* Exercise prompt:
Within the material below, how many lines carry the word "derivC"? State only the number.

===== Data

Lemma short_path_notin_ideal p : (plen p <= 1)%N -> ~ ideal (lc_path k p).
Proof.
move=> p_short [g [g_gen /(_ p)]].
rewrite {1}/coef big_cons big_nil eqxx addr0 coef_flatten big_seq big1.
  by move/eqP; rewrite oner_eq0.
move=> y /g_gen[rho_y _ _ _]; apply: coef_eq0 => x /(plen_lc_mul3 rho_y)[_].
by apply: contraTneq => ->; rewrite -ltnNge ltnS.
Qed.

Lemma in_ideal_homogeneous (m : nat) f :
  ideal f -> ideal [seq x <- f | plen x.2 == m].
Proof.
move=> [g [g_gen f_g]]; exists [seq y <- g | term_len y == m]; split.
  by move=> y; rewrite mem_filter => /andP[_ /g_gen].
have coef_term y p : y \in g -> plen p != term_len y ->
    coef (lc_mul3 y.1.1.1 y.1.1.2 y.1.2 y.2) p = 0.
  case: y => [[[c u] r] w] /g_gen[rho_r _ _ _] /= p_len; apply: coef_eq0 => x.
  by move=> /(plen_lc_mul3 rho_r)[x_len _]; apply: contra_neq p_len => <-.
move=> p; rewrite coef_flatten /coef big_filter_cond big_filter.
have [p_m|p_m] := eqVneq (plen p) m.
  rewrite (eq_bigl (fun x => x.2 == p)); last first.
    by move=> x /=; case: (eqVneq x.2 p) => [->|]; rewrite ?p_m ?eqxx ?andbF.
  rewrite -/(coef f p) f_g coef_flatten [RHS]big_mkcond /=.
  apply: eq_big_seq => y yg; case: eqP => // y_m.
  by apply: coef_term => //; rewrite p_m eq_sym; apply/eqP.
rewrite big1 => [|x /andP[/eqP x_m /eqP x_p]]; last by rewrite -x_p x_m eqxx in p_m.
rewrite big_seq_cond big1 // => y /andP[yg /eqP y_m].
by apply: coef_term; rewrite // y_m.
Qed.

==========
===== Data

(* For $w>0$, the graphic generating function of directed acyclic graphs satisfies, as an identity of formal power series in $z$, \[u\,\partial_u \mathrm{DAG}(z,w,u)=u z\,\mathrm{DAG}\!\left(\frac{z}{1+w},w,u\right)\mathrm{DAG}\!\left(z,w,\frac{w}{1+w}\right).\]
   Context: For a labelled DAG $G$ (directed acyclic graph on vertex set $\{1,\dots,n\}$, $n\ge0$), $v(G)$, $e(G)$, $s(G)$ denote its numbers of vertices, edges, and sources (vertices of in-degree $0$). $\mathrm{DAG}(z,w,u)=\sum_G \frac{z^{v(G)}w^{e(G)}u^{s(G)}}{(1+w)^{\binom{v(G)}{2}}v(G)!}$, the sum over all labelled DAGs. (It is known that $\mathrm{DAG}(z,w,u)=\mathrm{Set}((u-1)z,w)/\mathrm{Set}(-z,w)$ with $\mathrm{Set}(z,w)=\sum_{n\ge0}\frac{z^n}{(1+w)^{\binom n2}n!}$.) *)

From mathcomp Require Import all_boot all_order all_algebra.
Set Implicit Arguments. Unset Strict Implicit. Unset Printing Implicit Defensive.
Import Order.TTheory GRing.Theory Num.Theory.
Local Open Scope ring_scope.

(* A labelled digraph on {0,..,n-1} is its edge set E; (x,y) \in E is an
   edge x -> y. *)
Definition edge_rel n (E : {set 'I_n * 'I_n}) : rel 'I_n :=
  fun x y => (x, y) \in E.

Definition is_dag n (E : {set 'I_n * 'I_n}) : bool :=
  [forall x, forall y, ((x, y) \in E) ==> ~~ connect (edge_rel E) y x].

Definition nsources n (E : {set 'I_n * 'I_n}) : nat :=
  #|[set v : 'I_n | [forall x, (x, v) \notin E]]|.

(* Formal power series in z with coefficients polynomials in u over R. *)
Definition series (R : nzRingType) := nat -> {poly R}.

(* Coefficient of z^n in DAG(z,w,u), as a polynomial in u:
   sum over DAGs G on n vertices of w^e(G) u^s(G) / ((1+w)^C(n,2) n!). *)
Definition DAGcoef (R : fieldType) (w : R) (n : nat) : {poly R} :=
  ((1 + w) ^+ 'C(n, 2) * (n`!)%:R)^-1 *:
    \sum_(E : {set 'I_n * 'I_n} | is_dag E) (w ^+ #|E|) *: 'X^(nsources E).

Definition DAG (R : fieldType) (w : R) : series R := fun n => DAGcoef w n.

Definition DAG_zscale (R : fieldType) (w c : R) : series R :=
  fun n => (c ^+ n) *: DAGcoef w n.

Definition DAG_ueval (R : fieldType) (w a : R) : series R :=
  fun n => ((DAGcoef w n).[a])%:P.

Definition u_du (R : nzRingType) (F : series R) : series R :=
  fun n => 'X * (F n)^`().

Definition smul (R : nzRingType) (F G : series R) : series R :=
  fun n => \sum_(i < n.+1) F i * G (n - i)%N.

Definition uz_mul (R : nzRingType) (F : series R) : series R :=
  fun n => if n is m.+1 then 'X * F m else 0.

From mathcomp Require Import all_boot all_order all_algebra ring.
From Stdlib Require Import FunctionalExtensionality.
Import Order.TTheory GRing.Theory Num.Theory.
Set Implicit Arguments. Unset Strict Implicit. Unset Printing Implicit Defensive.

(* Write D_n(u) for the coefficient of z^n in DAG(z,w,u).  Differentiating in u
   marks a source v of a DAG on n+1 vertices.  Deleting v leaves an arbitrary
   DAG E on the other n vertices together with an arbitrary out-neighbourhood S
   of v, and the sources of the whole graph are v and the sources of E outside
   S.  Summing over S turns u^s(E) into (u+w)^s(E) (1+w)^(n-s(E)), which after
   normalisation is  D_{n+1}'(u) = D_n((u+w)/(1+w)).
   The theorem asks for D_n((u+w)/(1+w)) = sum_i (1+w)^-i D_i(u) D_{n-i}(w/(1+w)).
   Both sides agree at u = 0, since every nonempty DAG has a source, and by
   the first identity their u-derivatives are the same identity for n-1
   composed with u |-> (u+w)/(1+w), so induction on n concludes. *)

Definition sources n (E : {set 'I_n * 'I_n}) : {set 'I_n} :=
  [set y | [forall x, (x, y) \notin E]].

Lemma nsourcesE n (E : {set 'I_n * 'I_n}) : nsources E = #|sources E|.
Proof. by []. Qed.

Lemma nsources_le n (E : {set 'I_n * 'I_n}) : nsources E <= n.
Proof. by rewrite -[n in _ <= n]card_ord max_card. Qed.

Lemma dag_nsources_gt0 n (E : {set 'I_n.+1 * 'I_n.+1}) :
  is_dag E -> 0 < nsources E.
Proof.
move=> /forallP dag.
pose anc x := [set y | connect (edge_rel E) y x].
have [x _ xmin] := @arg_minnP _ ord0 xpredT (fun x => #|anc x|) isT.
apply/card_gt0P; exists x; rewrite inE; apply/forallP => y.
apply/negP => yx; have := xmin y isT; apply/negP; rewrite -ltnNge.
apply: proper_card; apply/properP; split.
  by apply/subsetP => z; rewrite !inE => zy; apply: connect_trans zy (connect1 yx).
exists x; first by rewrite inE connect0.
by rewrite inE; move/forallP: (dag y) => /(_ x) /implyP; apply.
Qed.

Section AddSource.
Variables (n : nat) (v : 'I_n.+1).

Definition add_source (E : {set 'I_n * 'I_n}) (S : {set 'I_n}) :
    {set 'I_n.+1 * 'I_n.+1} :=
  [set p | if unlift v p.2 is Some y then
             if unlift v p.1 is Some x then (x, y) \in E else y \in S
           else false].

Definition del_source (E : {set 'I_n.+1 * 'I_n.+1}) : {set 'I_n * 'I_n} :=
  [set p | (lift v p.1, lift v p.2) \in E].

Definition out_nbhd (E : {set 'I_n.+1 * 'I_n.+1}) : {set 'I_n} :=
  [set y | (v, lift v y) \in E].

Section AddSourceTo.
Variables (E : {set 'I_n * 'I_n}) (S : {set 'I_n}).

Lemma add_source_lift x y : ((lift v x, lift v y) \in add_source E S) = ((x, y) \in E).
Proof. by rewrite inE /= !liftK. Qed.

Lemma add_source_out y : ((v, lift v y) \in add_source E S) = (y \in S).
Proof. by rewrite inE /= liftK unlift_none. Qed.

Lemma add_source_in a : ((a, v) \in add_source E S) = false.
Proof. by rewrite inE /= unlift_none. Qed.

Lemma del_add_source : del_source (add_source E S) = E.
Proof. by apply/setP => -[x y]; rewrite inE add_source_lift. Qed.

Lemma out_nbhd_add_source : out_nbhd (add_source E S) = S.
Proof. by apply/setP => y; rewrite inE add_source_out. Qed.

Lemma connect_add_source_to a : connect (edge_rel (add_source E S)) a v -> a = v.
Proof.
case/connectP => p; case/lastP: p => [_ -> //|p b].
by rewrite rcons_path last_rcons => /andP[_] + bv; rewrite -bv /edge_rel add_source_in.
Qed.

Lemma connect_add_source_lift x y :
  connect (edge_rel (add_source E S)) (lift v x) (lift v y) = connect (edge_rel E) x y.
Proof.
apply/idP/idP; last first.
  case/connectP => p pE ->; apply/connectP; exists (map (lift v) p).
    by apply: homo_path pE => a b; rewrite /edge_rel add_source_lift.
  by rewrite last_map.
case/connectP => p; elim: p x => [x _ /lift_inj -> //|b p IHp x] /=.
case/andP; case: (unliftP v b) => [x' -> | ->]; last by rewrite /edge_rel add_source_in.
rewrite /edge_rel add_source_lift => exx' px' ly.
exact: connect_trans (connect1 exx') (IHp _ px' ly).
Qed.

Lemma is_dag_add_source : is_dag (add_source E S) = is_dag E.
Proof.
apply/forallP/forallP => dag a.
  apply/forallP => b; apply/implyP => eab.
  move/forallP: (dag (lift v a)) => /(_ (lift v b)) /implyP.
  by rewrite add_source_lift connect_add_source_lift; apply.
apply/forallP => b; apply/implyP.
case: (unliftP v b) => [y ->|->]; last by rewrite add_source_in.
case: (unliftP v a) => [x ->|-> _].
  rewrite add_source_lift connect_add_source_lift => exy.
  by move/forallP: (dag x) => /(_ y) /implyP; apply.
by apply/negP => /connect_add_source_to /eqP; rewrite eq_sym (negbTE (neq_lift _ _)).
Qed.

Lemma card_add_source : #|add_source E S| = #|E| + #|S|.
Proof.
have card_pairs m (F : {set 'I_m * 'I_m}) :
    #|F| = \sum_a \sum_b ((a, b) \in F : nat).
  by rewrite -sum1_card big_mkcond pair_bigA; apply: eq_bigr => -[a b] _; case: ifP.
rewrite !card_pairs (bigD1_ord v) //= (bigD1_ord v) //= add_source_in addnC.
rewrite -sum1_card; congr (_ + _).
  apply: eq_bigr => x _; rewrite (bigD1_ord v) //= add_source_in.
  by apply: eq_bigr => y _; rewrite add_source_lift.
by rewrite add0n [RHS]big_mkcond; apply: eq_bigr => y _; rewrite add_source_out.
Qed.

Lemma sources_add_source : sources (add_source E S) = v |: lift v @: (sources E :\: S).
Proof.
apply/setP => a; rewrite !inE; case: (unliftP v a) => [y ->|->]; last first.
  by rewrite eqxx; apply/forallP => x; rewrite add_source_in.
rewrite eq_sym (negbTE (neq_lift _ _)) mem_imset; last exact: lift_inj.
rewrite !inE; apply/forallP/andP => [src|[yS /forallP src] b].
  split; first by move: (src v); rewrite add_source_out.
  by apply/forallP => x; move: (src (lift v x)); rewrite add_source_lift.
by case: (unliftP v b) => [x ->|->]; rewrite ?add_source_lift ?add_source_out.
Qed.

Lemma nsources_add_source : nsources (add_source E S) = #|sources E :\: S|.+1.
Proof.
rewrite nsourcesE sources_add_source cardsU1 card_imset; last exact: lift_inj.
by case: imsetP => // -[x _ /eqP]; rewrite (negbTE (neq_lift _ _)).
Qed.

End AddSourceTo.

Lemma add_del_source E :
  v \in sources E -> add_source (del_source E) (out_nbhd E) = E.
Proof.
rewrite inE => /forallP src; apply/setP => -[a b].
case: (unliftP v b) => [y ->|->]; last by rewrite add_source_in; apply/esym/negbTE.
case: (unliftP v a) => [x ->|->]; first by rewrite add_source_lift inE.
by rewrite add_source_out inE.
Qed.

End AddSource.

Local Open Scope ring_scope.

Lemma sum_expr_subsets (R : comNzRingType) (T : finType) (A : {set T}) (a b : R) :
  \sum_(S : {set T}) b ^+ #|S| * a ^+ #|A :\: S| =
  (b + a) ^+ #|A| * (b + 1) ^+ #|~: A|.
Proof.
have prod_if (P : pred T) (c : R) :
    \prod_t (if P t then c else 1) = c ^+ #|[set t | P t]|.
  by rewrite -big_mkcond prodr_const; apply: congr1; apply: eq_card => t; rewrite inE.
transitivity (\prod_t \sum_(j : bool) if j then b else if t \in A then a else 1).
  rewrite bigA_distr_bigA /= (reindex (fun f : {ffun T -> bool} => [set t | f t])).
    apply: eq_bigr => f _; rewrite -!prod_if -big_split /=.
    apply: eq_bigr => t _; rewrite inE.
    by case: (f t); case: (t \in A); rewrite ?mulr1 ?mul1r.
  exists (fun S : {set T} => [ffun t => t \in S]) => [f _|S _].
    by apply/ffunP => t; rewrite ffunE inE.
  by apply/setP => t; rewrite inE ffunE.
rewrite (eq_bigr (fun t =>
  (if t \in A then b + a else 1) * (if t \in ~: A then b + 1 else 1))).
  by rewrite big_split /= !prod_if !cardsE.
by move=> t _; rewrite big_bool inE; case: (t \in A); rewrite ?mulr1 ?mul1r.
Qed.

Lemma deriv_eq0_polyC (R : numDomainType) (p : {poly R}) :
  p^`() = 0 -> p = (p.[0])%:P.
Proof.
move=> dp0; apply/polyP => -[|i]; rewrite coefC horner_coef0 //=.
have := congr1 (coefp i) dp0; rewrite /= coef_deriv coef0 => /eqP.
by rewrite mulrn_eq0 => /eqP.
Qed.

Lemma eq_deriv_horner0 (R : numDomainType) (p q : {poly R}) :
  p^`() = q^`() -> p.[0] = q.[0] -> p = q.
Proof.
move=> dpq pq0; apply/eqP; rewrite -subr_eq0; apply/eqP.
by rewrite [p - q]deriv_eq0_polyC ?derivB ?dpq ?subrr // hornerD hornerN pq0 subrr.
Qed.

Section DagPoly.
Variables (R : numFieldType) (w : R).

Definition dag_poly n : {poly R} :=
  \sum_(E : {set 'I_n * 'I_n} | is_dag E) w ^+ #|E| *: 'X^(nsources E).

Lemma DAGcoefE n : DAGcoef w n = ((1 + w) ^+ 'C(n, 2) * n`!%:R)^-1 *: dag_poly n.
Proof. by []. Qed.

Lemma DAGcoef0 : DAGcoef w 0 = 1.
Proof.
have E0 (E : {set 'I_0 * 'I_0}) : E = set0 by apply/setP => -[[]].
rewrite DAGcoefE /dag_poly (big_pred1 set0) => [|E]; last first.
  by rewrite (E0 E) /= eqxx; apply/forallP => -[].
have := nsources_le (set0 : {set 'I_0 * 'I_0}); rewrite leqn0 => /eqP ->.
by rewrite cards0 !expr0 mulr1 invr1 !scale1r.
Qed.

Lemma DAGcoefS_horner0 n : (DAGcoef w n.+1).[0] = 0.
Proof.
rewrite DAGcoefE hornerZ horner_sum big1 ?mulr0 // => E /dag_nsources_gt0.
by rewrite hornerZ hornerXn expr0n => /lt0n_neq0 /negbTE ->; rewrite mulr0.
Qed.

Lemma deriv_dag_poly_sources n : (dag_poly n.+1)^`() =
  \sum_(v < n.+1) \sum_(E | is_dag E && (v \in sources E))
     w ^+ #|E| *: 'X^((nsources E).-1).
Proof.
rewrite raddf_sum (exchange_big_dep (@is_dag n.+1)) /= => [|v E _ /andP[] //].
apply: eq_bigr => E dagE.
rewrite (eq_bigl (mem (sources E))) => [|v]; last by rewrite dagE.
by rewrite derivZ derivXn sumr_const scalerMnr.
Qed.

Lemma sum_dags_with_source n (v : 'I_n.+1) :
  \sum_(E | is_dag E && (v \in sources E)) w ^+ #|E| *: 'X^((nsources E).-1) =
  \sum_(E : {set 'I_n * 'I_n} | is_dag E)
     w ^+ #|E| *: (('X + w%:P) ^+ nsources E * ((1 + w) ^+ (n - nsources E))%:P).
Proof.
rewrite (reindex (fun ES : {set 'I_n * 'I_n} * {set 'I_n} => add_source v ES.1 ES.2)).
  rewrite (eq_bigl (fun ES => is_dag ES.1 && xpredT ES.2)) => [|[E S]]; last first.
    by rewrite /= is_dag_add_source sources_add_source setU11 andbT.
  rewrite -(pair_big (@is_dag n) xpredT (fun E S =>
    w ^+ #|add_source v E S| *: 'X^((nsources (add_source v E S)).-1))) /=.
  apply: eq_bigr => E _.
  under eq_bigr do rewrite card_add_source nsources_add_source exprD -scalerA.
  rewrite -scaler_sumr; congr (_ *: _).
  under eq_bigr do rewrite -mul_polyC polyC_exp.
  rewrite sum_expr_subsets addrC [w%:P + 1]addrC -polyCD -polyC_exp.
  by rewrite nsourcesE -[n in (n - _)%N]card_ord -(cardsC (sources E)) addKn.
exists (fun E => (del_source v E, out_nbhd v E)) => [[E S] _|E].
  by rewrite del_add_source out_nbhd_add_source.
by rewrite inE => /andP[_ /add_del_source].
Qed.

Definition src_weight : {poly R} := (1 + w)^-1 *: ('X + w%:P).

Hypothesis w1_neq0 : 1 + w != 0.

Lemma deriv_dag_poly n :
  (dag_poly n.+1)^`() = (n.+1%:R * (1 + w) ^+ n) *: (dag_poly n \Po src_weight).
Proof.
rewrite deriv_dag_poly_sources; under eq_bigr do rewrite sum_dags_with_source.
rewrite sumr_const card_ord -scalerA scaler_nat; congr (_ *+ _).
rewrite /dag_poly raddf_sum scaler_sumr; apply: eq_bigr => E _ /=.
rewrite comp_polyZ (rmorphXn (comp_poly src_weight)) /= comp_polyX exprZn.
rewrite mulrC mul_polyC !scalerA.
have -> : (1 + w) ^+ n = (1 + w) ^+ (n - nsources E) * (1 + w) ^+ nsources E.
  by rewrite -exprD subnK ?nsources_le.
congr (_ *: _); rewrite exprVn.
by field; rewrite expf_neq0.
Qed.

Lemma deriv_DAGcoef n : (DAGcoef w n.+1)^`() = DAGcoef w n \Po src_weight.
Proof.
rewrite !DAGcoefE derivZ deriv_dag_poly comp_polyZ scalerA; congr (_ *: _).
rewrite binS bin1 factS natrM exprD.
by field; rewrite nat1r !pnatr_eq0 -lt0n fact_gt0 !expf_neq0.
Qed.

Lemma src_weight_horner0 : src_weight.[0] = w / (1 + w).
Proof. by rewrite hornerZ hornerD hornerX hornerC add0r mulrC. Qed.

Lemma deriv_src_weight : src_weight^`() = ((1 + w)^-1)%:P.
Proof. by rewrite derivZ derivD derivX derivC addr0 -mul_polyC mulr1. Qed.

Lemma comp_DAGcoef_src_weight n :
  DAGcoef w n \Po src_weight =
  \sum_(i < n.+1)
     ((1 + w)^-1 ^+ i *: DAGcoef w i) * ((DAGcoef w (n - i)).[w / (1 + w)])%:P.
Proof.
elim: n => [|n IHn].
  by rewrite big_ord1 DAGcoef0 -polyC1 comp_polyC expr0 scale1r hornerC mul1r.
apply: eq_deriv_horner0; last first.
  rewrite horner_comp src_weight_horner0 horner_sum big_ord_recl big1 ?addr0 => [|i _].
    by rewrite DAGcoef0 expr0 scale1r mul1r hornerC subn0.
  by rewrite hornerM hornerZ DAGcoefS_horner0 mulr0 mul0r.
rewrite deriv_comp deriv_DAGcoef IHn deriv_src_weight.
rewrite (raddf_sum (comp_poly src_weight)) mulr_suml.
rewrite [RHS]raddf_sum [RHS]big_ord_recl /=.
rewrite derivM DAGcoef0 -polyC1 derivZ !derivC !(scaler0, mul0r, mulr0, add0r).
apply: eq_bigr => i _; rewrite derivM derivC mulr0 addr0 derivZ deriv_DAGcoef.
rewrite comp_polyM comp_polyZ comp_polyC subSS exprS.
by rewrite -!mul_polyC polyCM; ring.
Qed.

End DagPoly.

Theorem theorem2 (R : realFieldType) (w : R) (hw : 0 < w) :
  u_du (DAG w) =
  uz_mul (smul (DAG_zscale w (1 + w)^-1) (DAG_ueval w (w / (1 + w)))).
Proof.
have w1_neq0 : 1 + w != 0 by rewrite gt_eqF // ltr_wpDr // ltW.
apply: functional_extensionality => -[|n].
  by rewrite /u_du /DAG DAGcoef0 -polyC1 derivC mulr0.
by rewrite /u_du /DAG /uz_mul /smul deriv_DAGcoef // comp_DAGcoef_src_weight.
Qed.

==========

* Solution to the exercise:
4